Goal of the exercise = Give back, word for word, the lines in the listing below from the one holding "Section NearField." down to the one holding "(* antenna index", both ends included.

Exercise input =
(* Assume the geometric setup and uniform-amplitude model in the context, with $D_{\rm m}<D_{\rm b}$, $r>d_{\rm Fn}$, and $|\sin(\theta-\psi)|\ge c$ for a constant $c>0$. Let $D_{\rm m}^{\rm eff}=D_{\rm m}|\sin(\theta-\psi)|$. Then $$\|\mathbf{J}_\psi\|_{\mathsf F}^2=\frac{N_{\rm b}N_{\rm m}(D_{\rm m}^{\rm eff})^2}{48r^2}\Big(1+\frac{2}{N_{\rm m}-1}\Big)\big(1+\mathcal{O}(N_{\rm b}^{-1})\big),$$ and consequently, for any full-row-rank $\mathbf{Q}\in\mathbb{C}^{N_{\rm rf}\times N_{\rm b}}$ and $P_{\rm m},\sigma_{\rm o}^2>0$, the average Fisher information $\bar F_\psi=\frac{2P_{\rm m}}{\sigma_{\rm o}^2N_{\rm m}}\|\mathbf{P}_{\mathbf{Q}}\mathbf{J}_\psi\|_{\mathsf F}^2$ satisfies $$\bar F_\psi\le\frac{2P_{\rm m}}{\sigma_{\rm o}^2N_{\rm m}}\|\mathbf{J}_\psi\|_{\mathsf F}^2=\frac{P_{\rm m}N_{\rm b}(D_{\rm m}^{\rm eff})^2}{24\sigma_{\rm o}^2r^2}\Big(1+\frac{2}{N_{\rm m}-1}\Big)\big(1+\mathcal{O}(N_{\rm b}^{-1})\big).$$ Here $\mathcal{O}(N_{\rm b}^{-1})$ denotes a quantity bounded in absolute value by $C/N_{\rm b}$ with $C$ depending only on $c$, uniformly over $\lambda$, $N_{\rm m}$ and poses satisfying the hypotheses.
   Context: Geometric setup: wavelength $\lambda>0$; BS and MS uniform linear arrays with odd numbers of antennas $N_{\rm b}=2\bar N_{\rm b}+1\ge3$ and $N_{\rm m}=2\bar N_{\rm m}+1\ge3$, spacings $d_{\rm b}=d_{\rm m}=\lambda/2$, apertures $D_{\rm b}=(N_{\rm b}-1)d_{\rm b}$, $D_{\rm m}=(N_{\rm m}-1)d_{\rm m}$. BS antenna $n_{\rm b}\in\{-\bar N_{\rm b},\dots,\bar N_{\rm b}\}$ sits at $(0,n_{\rm b}d_{\rm b})$; for MS pose $(x,y,\psi)$, MS antenna $n_{\rm m}\in\{-\bar N_{\rm m},\dots,\bar N_{\rm m}\}$ sits at $(x+n_{\rm m}d_{\rm m}\cos\psi,\;y+n_{\rm m}d_{\rm m}\sin\psi)$, and $r_{n_{\rm b},n_{\rm m}}=\sqrt{(x+n_{\rm m}d_{\rm m}\cos\psi)^2+(y+n_{\rm m}d_{\rm m}\sin\psi-n_{\rm b}d_{\rm b})^2}$. Let $r=\sqrt{x^2+y^2}>0$ and $\theta$ be the polar angle with $x=r\cos\theta$, $y=r\sin\theta$. Fresnel distance: $d_{\rm Fn}=0.62\sqrt{D_{\rm b}^3/\lambda}$. Uniform-amplitude channel: $\mathbf{H}\in\mathbb{C}^{N_{\rm b}\times N_{\rm m}}$ with rows indexed by $n_{\rm b}$ and columns by $n_{\rm m}$ (both increasing), entries $h_{n_{\rm b},n_{\rm m}}=\frac{\lambda}{4\pi r}e^{-{\rm j}\frac{2\pi}{\lambda}r_{n_{\rm b},n_{\rm m}}}$. Let $\eta=-\big(\frac1r+{\rm j}\frac{2\pi}{\lambda}\big)$. The channel derivatives under the uniform-amplitude approximation are the matrices with entries $[\mathbf{J}_x]_{n_{\rm b},n_{\rm m}}=\eta\frac{x+n_{\rm m}d_{\rm m}\cos\psi}{r}h_{n_{\rm b},n_{\rm m}}$, $[\mathbf{J}_y]_{n_{\rm b},n_{\rm m}}=\eta\frac{y+n_{\rm m}d_{\rm m}\sin\psi-n_{\rm b}d_{\rm b}}{r}h_{n_{\rm b},n_{\rm m}}$, and $\mathbf{J}_\psi=-d_{\rm m}\sin\psi\,\mathbf{J}_x\mathbf{D}_{N_{\rm m}}+d_{\rm m}\cos\psi\,\mathbf{J}_y\mathbf{D}_{N_{\rm m}}$, with $\mathbf{D}_{N_{\rm m}}=\mathrm{diag}(-\bar N_{\rm m},\dots,0,\dots,\bar N_{\rm m})$. $\mathbf{P}_{\mathbf{Q}}=\mathbf{Q}^{\mathsf H}(\mathbf{Q}\mathbf{Q}^{\mathsf H})^{-1}\mathbf{Q}$; $\|\cdot\|_{\mathsf F}$ is the Frobenius norm. *)

From mathcomp Require Import all_boot all_algebra.
From mathcomp Require Import all_classical all_reals all_analysis.
From mathcomp Require Import complex.
Set Implicit Arguments. Unset Strict Implicit. Unset Printing Implicit Defensive.
Import GRing.Theory Num.Theory.
Local Open Scope ring_scope.
Local Open Scope complex_scope.

Section NearField.
Variable R : realType.

(* number of antennas of a ULA with half-count Nbar : N = 2 Nbar + 1 *)
Definition nant (Nbar : nat) : nat := (2 * Nbar + 1)%N.

(* antenna index n in {-Nbar..Nbar} attached to the matrix index i (increasing) *)
Definition aidx (Nbar : nat) (i : 'I_(nant Nbar)) : R := (i : nat)%:R - Nbar%:R.

Definition spacing (lam : R) : R := lam / 2.
Definition aperture (Nbar : nat) (lam : R) : R :=
  ((nant Nbar)%:R - 1) * spacing lam.

Definition fresnel (lam Db : R) : R := (62 / 100) * Num.sqrt (Db ^+ 3 / lam).

Definition rpol (x y : R) : R := Num.sqrt (x ^+ 2 + y ^+ 2).

Definition rdist (lam x y psi nb nm : R) : R :=
  Num.sqrt ((x + nm * spacing lam * cos psi) ^+ 2
            + (y + nm * spacing lam * sin psi - nb * spacing lam) ^+ 2).

Definition expj (phi : R) : R[i] := cos phi +i* sin phi.

Definition chanH (lam : R) (Nbb Nmb : nat) (x y psi : R)
  : 'M[R[i]]_(nant Nbb, nant Nmb) :=
  \matrix_(i, j) ((lam / (4 * pi * rpol x y))%:C
      * expj (- (2 * pi / lam) * rdist lam x y psi (aidx i) (aidx j))).

Definition eta (lam r : R) : R[i] := - ((1 / r)%:C + 'i * (2 * pi / lam)%:C).

Definition Jx (lam : R) (Nbb Nmb : nat) (x y psi : R)
  : 'M[R[i]]_(nant Nbb, nant Nmb) :=
  \matrix_(i, j) (eta lam (rpol x y)
      * ((x + aidx j * spacing lam * cos psi) / rpol x y)%:C
      * chanH lam Nbb Nmb x y psi i j).

Definition Jy (lam : R) (Nbb Nmb : nat) (x y psi : R)
  : 'M[R[i]]_(nant Nbb, nant Nmb) :=
  \matrix_(i, j) (eta lam (rpol x y)
      * ((y + aidx j * spacing lam * sin psi - aidx i * spacing lam) / rpol x y)%:C
      * chanH lam Nbb Nmb x y psi i j).

Definition Dmat (Nmb : nat) : 'M[R[i]]_(nant Nmb) :=
  diag_mx (\row_j (aidx j)%:C).

Definition Jpsi (lam : R) (Nbb Nmb : nat) (x y psi : R)
  : 'M[R[i]]_(nant Nbb, nant Nmb) :=
  (- spacing lam * sin psi)%:C *: (Jx lam Nbb Nmb x y psi *m Dmat Nmb)
  + (spacing lam * cos psi)%:C *: (Jy lam Nbb Nmb x y psi *m Dmat Nmb).

Definition frob2 (m n : nat) (A : 'M[R[i]]_(m, n)) : R :=
  \sum_(i < m) \sum_(j < n) (@complex.Re R (A i j) ^+ 2 + @complex.Im R (A i j) ^+ 2).

Definition ctrmx (m n : nat) (A : 'M[R[i]]_(m, n)) : 'M[R[i]]_(n, m) :=
  (map_mx conjc A)^T.

Definition projQ (m n : nat) (Q : 'M[R[i]]_(m, n)) : 'M[R[i]]_n :=
  ctrmx Q *m invmx (Q *m ctrmx Q) *m Q.

Definition Fbar (Pm s2 : R) (Nrf Nb Nm : nat) (Q : 'M[R[i]]_(Nrf, Nb))
  (J : 'M[R[i]]_(Nb, Nm)) : R :=
  2 * Pm / (s2 * Nm%:R) * frob2 (projQ Q *m J).

End NearField.

(* Entry (n_b, n_m) of [J_psi] equals [eta h n_m d (r sin(theta - psi) -
   n_b d cos psi) / r], and all entries of [H] have the same modulus, so
   [||J_psi||_F^2] factors into a sum over the BS indices times a sum over the
   MS indices.  Both are power sums over the symmetric range [-Nbar..Nbar]
   (the odd moment vanishes), which gives the leading term times
   [(1 + A)(1 + B)] exactly.  The Fresnel condition [r > d_Fn] makes
   [r^2 >~ N_b^3 lambda^2], whence [A, B = O(1/N_b)] once [|sin(theta - psi)|]
   is bounded below.  The Fisher bound holds because [P_Q] is an orthogonal
   projection and so cannot increase the Frobenius norm. *)

From mathcomp Require Import all_boot all_order all_algebra.
From mathcomp Require Import all_classical all_reals all_analysis.
From mathcomp Require Import complex.
From mathcomp Require Import ring lra.
Set Implicit Arguments. Unset Strict Implicit. Unset Printing Implicit Defensive.
Import Order.TTheory GRing.Theory Num.Theory.
Local Open Scope ring_scope.
Local Open Scope complex_scope.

Exercise result =
Section NearField.
Variable R : realType.

(* number of antennas of a ULA with half-count Nbar : N = 2 Nbar + 1 *)
Definition nant (Nbar : nat) : nat := (2 * Nbar + 1)%N.

(* antenna index n in {-Nbar..Nbar} attached to the matrix index i (increasing) *)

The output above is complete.